After removal to federal court, defendant Honeywell International, Inc. f/k/a AlliedSignal Inc., successor-in-interest to The Bendix Corporation (Honeywell) moved to dismiss the plaintiffs’ first cause of action for products liability, second cause of action for negligence, and fifth cause of action for fraud. The plaintiffs specifically alleged that work with automotive friction products as well as work around contractors disturbing ship parts that contained asbestos caused his illness. Sarjeant v Foster Wheeler LLC, 2024 US Dist. LEXIS 96395, at *5 [ND Cal May 30, 2024, No. 24-cv-01216-VC. Honeywell argued such allegations were insufficiently specific to plead causation.

The U.S. District Court for the Northern District of California granted in part and denied in part Honeywell’s motion to dismiss. With regard to the plaintiffs’ allegations as to brakes and contractors, the court found plaintiffs “had done enough at the pleadings stage.” Nevertheless, it found some of the plaintiffs’ negligence claims as insufficiently alleged. The court stated that “[n]egligent management of property, negligent failure to warn of unsafe concealment conditions, and negligent exercise of retained control over safety conditions all require the plaintiff to allege that the defendant had control over some property on which the plaintiff was injured.” Concerning Honeywell, the court determined the plaintiffs never made such allegations. Mr. Sarjeant’s claims that Honeywell contractors worked alongside him on the RMS Queen Mary were insufficient because he never alleged Honeywell exercised control over the ship. Subsequently, the court dismissed this claim.

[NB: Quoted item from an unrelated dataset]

(* Let $\Gamma>1$ and let $(\rho_L,u_L,v_L,p_L)$, $(\rho_R,u_R,v_R,p_R)$ be two states with $\rho_{L},\rho_R,p_L,p_R>0$ and $u_L^2+v_L^2<1$, $u_R^2+v_R^2<1$. Set $W=1/\sqrt{1-u^2-v^2}$ at each state and $z_1=\rho$, $z_2=\rho/p$, $z_3=u$, $z_4=v$. Write $L_x=\mathcal L_x(z_3,z_4)$, $L_y=\mathcal L_y(z_3,z_4)$, $\alpha=1+\frac{1}{(\Gamma-1)\{\!\{z_2\}\!\}^{\ln}}$ and \[ Q=\{\!\{z_2\}\!\}\{\!\{W\}\!\}^2+\{\!\{z_2\}\!\}\big(\{\!\{z_3\}\!\}\{\!\{W\}\!\}L_x-\{\!\{uW\}\!\}L_x+\{\!\{z_4\}\!\}\{\!\{W\}\!\}L_y-\{\!\{vW\}\!\}L_y\big). \] Define the $x$-directional flux $\tilde{\mathbf F}=(\tilde F_1,\tilde F_2,\tilde F_3,\tilde F_4)^T$ by \[ \tilde F_1=\{\!\{z_1\}\!\}^{\ln}\{\!\{uW\}\!\}, \] \[ \tilde F_2=Q^{-1}\Big\{\alpha\{\!\{z_2\}\!\}L_x\tilde F_1+\{\!\{z_1\}\!\}\big(\{\!\{W\}\!\}^2-\{\!\{vW\}\!\}L_y\big)+\{\!\{z_1\}\!\}\{\!\{W\}\!\}\big(\{\!\{z_3\}\!\}L_x+\{\!\{z_4\}\!\}L_y\big)\Big\}, \] \[ \tilde F_3=Q^{-1}\Big\{\alpha\{\!\{z_2\}\!\}L_y\tilde F_1+\{\!\{z_1\}\!\}\{\!\{uW\}\!\}L_y\Big\},\qquad \tilde F_4=\{\!\{W\}\!\}^{-1}\big(\alpha\tilde F_1+\{\!\{uW\}\!\}\tilde F_2+\{\!\{vW\}\!\}\tilde F_3\big), \] and the $y$-directional flux $\tilde{\mathbf G}=(\tilde G_1,\tilde G_2,\tilde G_3,\tilde G_4)^T$ by \[ \tilde G_1=\{\!\{z_1\}\!\}^{\ln}\{\!\{vW\}\!\},\qquad \tilde G_2=Q^{-1}\Big\{\alpha\{\!\{z_2\}\!\}L_x\tilde G_1+\{\!\{z_1\}\!\}\{\!\{vW\}\!\}L_x\Big\}, \] \[ \tilde G_3=Q^{-1}\Big\{\alpha\{\!\{z_2\}\!\}L_y\tilde G_1+\{\!\{z_1\}\!\}\big(\{\!\{W\}\!\}^2-\{\!\{uW\}\!\}L_x\big)+\{\!\{z_1\}\!\}\{\!\{W\}\!\}\big(\{\!\{z_3\}\!\}L_x+\{\!\{z_4\}\!\}L_y\big)\Big\}, \] \[ \tilde G_4=\{\!\{W\}\!\}^{-1}\big(\alpha\tilde G_1+\{\!\{uW\}\!\}\tilde G_2+\{\!\{vW\}\!\}\tilde G_3\big). \] Then $Q=\{\!\{z_2\}\!\}W_LW_R>0$, so both fluxes are well defined, and they satisfy the entropy conservation conditions \[ [\![\mathbf V]\!]^T\tilde{\mathbf F}=[\![\psi_x]\!],\qquad [\![\mathbf V]\!]^T\tilde{\mathbf G}=[\![\psi_y]\!]. \] Moreover both fluxes are consistent: if the left and right states coincide, then $\tilde{\mathbf F}=\mathbf F(\mathbf U)$ and $\tilde{\mathbf G}=\mathbf G(\mathbf U)$ at that state.
   Context: Two-dimensional special relativistic hydrodynamics (speed of light $1$) with ideal equation of state $p=(\Gamma-1)\rho e$: $\mathbf U=(D,m_x,m_y,E)^T$ with $D=\rho W$, $(m_x,m_y)=\rho hW^2(u,v)$, $E=\rho hW^2-p$, $W=1/\sqrt{1-u^2-v^2}$, $h=1+\Gamma p/((\Gamma-1)\rho)$; fluxes $\mathbf F=(Du,\,m_xu+p,\,m_yu,\,m_x)^T$, $\mathbf G=(Dv,\,m_xv,\,m_yv+p,\,m_y)^T$. With $S=\ln p-\Gamma\ln\rho$, the entropy variables are $\mathbf V=\big(\frac{\Gamma-S}{\Gamma-1}+\frac{\rho}{p},\ \frac{\rho Wu}{p},\ \frac{\rho Wv}{p},\ -\frac{\rho W}{p}\big)^T$ and the potentials are $\psi_x=\rho Wu$, $\psi_y=\rho Wv$ (corresponding to the entropy $\eta=-\rho WS/(\Gamma-1)$ with fluxes $q_x=-\rho uWS/(\Gamma-1)$, $q_y=-\rho vWS/(\Gamma-1)$). For a quantity $a$ with values $a_L,a_R$: $[\![a]\!]=a_R-a_L$, $\{\!\{a\}\!\}=(a_L+a_R)/2$ (e.g. $\{\!\{uW\}\!\}=(u_LW_L+u_RW_R)/2$), and for positive $a$ the logarithmic mean $\{\!\{a\}\!\}^{\ln}=[\![a]\!]/[\![\ln a]\!]$ if $a_L\ne a_R$, $=a_L$ if $a_L=a_R$. The Lorentz means are $\mathcal L_x(u,v)=\dfrac{u_L+u_R}{\sqrt{1-u_L^2-v_L^2}\sqrt{1-u_R^2-v_R^2}\big(\sqrt{1-u_L^2-v_L^2}+\sqrt{1-u_R^2-v_R^2}\big)}$ and $\mathcal L_y(u,v)$ the same with numerator $v_L+v_R$; they satisfy $[\![W]\!]=\mathcal L_x[\![u]\!]+\mathcal L_y[\![v]\!]$. *)

From Stdlib Require Import Reals.
Open Scope R_scope.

Turning to the plaintiffs’ fraudulent concealment claim, the court noted “under California law, a claim for fraudulent concealment requires that the plaintiff be in some sort of transactional relationship with the defendant, as there is no duty to disclose information owed to the general public.” Los Angeles Memorial Coliseum Com. V. Insomniac, Inc., 223 Cal. App. 4th 803, 831 (2015); Bigler-Engler v. Breg, Inc., 7 Cal. App. 5th 82, 112-15 (2017). Mr. Sarjeant simply stating he was around Honeywell brakes and contractors was insufficient. The court also noted some California courts previously found that the defendant never advertised to consumers such as the plaintiff in situations where no transaction between the parties exists. This is relevant because such advertisement can then form the basis of a sufficient transactional relationship through the sharing of a “misleading half-truth.” The plaintiffs alleged Honeywell made statements that their brakes were “safe.” However, because the plaintiffs neither alleged such statements were “half-truths” nor demonstrated a connection, the court determined Honeywell had no duty to disclose.

As such, the court denied in part and granted in part Honeywell’s motions to dismiss and provided the plaintiffs leave to amend their complaint.